● **Work request**
Pull every line that includes the word "apply" from the data.

(Saved data entries)

========================================

(* Let $L$ be a simple Lie algebra over a field $k$ generated by its pure extremal elements, let $x,y\in E$ with $g(x,y)=1$ and let $L=\bigoplus_{i=-2}^2L_i$ be the associated $5$-grading. For $i\in\{-1,1\}$ let $Z_i=\{z\in L_i:[z,L_i]=0\}$. Then $Z_{-1}=Z_1=0$.
   Context: A nonzero $a\in L$ is extremal if there is $g_a\colon L\to k$ with $[a,[a,u]]=2g_a(u)a$, $[[a,u],[a,w]]=g_a([u,w])a+g_a(w)[a,u]-g_a(u)[a,w]$, $[a,[u,[a,w]]]=g_a([u,w])a-g_a(w)[a,u]-g_a(u)[a,w]$ for all $u,w$; sandwiches satisfy $[a,[a,u]]=0=[a,[u,[a,w]]]$; pure = non-sandwich; $E$ = set of extremal elements; $g$ = unique symmetric bilinear form with $g(a,u)=g_a(u)$ for $a\in E$. The $5$-grading associated with $x,y$: $L_{-2}=kx$, $L_{-1}=[x,U]$, $L_0=\{l:[x,l]\in kx,[y,l]\in ky\}$, $L_1=[y,U]$, $L_2=ky$, $U=\{u:g(u,x)=g(u,y)=g(u,[x,y])=0\}$. *)

From HB Require Import structures.
From mathcomp Require Import all_boot all_order all_algebra.
Set Implicit Arguments. Unset Strict Implicit. Unset Printing Implicit Defensive.
Import GRing.Theory.
Local Open Scope ring_scope.

Section Lie.
Variables (k : fieldType) (L : lmodType k) (br : L -> L -> L).

Definition is_lie : Prop :=
  [/\ (forall (c : k) (u v w : L), br (c *: u + v) w = c *: br u w + br v w),
      (forall (c : k) (u v w : L), br w (c *: u + v) = c *: br w u + br w v),
      (forall u : L, br u u = 0) &
      (forall u v w : L, br u (br v w) + br v (br w u) + br w (br u v) = 0)].

Definition extremal_ids (a : L) (ga : L -> k) : Prop :=
  forall u w : L,
  [/\ br a (br a u) = (2 * ga u) *: a,
      br (br a u) (br a w) = ga (br u w) *: a + ga w *: br a u - ga u *: br a w &
      br a (br u (br a w)) = ga (br u w) *: a - ga w *: br a u - ga u *: br a w].

Definition extremal (a : L) : Prop :=
  a != 0 /\ exists ga : L -> k, extremal_ids a ga.

Definition sandwich (a : L) : Prop :=
  forall u w : L, br a (br a u) = 0 /\ br a (br u (br a w)) = 0.

Definition pure (a : L) : Prop := extremal a /\ ~ sandwich a.

Definition extremal_form (g : L -> L -> k) : Prop :=
  [/\ (forall u v, g u v = g v u),
      (forall (c : k) (u v w : L), g (c *: u + v) w = c * g u w + g v w) &
      (forall a, extremal a -> extremal_ids a (g a))].

Definition subspace (S : L -> Prop) : Prop :=
  S 0 /\ (forall (c : k) u v, S u -> S v -> S (c *: u + v)).

Definition subalgebra (S : L -> Prop) : Prop :=
  subspace S /\ (forall u v, S u -> S v -> S (br u v)).

Definition ideal (I : L -> Prop) : Prop :=
  subspace I /\ (forall u v, I v -> I (br u v)).

Definition generated_by_pure : Prop :=
  forall S : L -> Prop, subalgebra S -> (forall a, pure a -> S a) -> forall u, S u.

Definition simple_lie : Prop :=
  (exists u v, br u v != 0) /\
  forall I : L -> Prop, ideal I -> (forall u, I u -> u = 0) \/ (forall u, I u).

(* the 5-grading associated with x, y *)
Definition gradU (g : L -> L -> k) (x y : L) (u : L) : Prop :=
  g u x = 0 /\ g u y = 0 /\ g u (br x y) = 0.

Definition grad_m1 (g : L -> L -> k) (x y : L) (v : L) : Prop :=
  exists u, gradU g x y u /\ v = br x u.

Definition grad_p1 (g : L -> L -> k) (x y : L) (v : L) : Prop :=
  exists u, gradU g x y u /\ v = br y u.

Definition Zcenter (Li : L -> Prop) (z : L) : Prop :=
  Li z /\ forall w, Li w -> br z w = 0.

End Lie.

(* Write g_a for g(a, -).  For extremal a, exp_a = 1 + ad a + g_a(-) a is an
   automorphism of L with inverse exp_(-a).  It maps a pure b to a pure element
   whose functional is, by uniqueness of g_e for non-sandwiches e, g_b o exp_(-a);
   comparing the two expressions gives g([a,b],t) = -g(b,[a,t]) for b pure, hence
   g([x,y],t) = g(x,[y,t]) (x and y cannot both be sandwiches), and shows that the
   pure radical {v | g(a,v) = 0 for all pure a} is an ideal, so it is 0.
   Now let u be in U with [x,u] central in L_(-1).  When g(x,v) = 0, [x,v] lies in
   [x,U] + kx, so the second extremal identity for x gives g(x,[u,v]) = 0; also
   g(x,[u,y]) = -g([x,y],u) = 0.  Hence g(a,[x,u]) = g(x,[u,a]) = 0 for all pure a:
   [x,u] is in the pure radical.  Z_1 is Z_(-1) with x and y exchanged. *)

From HB Require Import structures.
From mathcomp Require Import all_boot all_order all_algebra.
From mathcomp Require Import ring.
From Stdlib Require Import Classical.
Set Implicit Arguments.
Unset Strict Implicit.
Unset Printing Implicit Defensive.
Import GRing.Theory.
Local Open Scope ring_scope.

Section LinearCombinations.
Variables (k : fieldType) (L : lmodType k).

Fixpoint lincomb (cs : seq k) (vs : seq L) : L :=
  match cs, vs with
  | c :: cs', v :: vs' => c *: v + lincomb cs' vs'
  | _, _ => 0
  end.

Fixpoint addcoef (cs ds : seq k) : seq k :=
  match cs, ds with
  | c :: cs', d :: ds' => (c + d) :: addcoef cs' ds'
  | [::], _ => ds
  | _, [::] => cs
  end.

Fixpoint coefs_eq0 (cs : seq k) : Prop :=
  if cs is c :: cs' then c = 0 /\ coefs_eq0 cs' else True.

Lemma lincombD cs ds vs : lincomb (addcoef cs ds) vs = lincomb cs vs + lincomb ds vs.
Proof.
elim: cs ds vs => [|c cs IH] [|d ds] [|v vs] //=; rewrite ?add0r ?addr0 //.
by rewrite IH scalerDl addrACA.
Qed.

Lemma lincombZ a cs vs : lincomb [seq a * c | c <- cs] vs = a *: lincomb cs vs.
Proof.
elim: cs vs => [|c cs IH] [|v vs] //=; rewrite ?scaler0 //.
by rewrite IH scalerDr scalerA.
Qed.

Lemma lincombN cs vs : lincomb [seq - c | c <- cs] vs = - lincomb cs vs.
Proof.
elim: cs vs => [|c cs IH] [|v vs] //=; rewrite ?oppr0 //.
by rewrite IH opprD scaleNr.
Qed.

Lemma lincomb_nth i vs : nth 0 vs i = lincomb (rcons (nseq i 0) 1) vs.
Proof.
elim: i vs => [|i IH] [|v vs] //=; last by rewrite IH scale0r add0r.
by rewrite scale1r; case: vs => //=; rewrite addr0.
Qed.

Lemma lincomb_eq0 cs vs : coefs_eq0 cs -> lincomb cs vs = 0.
Proof.
elim: cs vs => [|c cs IH] [|v vs] //= [-> /IH ->].
by rewrite scale0r add0r.
Qed.

Lemma eq_of_subr_scale (u v w1 w2 : L) c : w1 = w2 -> u - v = c *: (w1 - w2) -> u = v.
Proof. by move=> ->; rewrite subrr scaler0 => /subr0_eq. Qed.

End LinearCombinations.

Ltac name_atoms vs l i :=
  lazymatch l with
  | nil => idtac
  | cons ?v ?l' =>
      let T := type of v in
      try rewrite -[v]/(nth (0 : T) vs i); name_atoms vs l' constr:(S i)
  end.

(* [lmod_ring l] proves an identity between k-linear combinations of the
   vectors listed in [l]: both sides are folded into one [lincomb] over [l],
   and the resulting coefficients are shown to vanish by [ring]. *)
Ltac lmod_ring l :=
  let vs := fresh "vs" in
  apply/eqP; rewrite -subr_eq0; apply/eqP;
  rewrite ?(scaler0, scale0r, oppr0, addr0, add0r, subr0, sub0r);
  set vs := l; name_atoms vs l O;
  rewrite !lincomb_nth;
  repeat (rewrite -lincombD || rewrite -lincombN || rewrite -lincombZ);
  apply: lincomb_eq0; rewrite /=; repeat split; ring.

Section LieAlgebra.
Variables (k : fieldType) (L : lmodType k) (br : L -> L -> L).
Hypothesis lieL : is_lie br.

Lemma br_bilinear : bilinear_for
  (GRing.Scale.Law.clone _ _ *:%R _) (GRing.Scale.Law.clone _ _ *:%R _) br.
Proof. by case: lieL => brDZl brDZr _ _; split=> w c u v; rewrite ?brDZl ?brDZr. Qed.

HB.instance Definition _ := bilinear_isBilinear.Build k L L L _ _ br br_bilinear.

Lemma brvv u : br u u = 0.
Proof. by case: lieL. Qed.

Lemma brC u v : br u v = - br v u.
Proof.
apply/eqP; rewrite -addr_eq0; apply/eqP.
by have := brvv (u + v); rewrite linearDl /= !linearDr /= !brvv add0r addr0.
Qed.

Lemma jacobi a u w : br a (br u w) = br (br a u) w + br u (br a w).
Proof.
case: lieL => _ _ _ /(_ a u w).
rewrite (brC w (br a u)) (brC w a) linearNr /= addrAC => /subr0_eq.
by move/eqP; rewrite subr_eq => /eqP ->; rewrite addrC.
Qed.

========================================

● **Solved problem**
  apply/eqP; rewrite -subr_eq0; apply/eqP;
  apply: lincomb_eq0; rewrite /=; repeat split; ring.
apply/eqP; rewrite -addr_eq0; apply/eqP.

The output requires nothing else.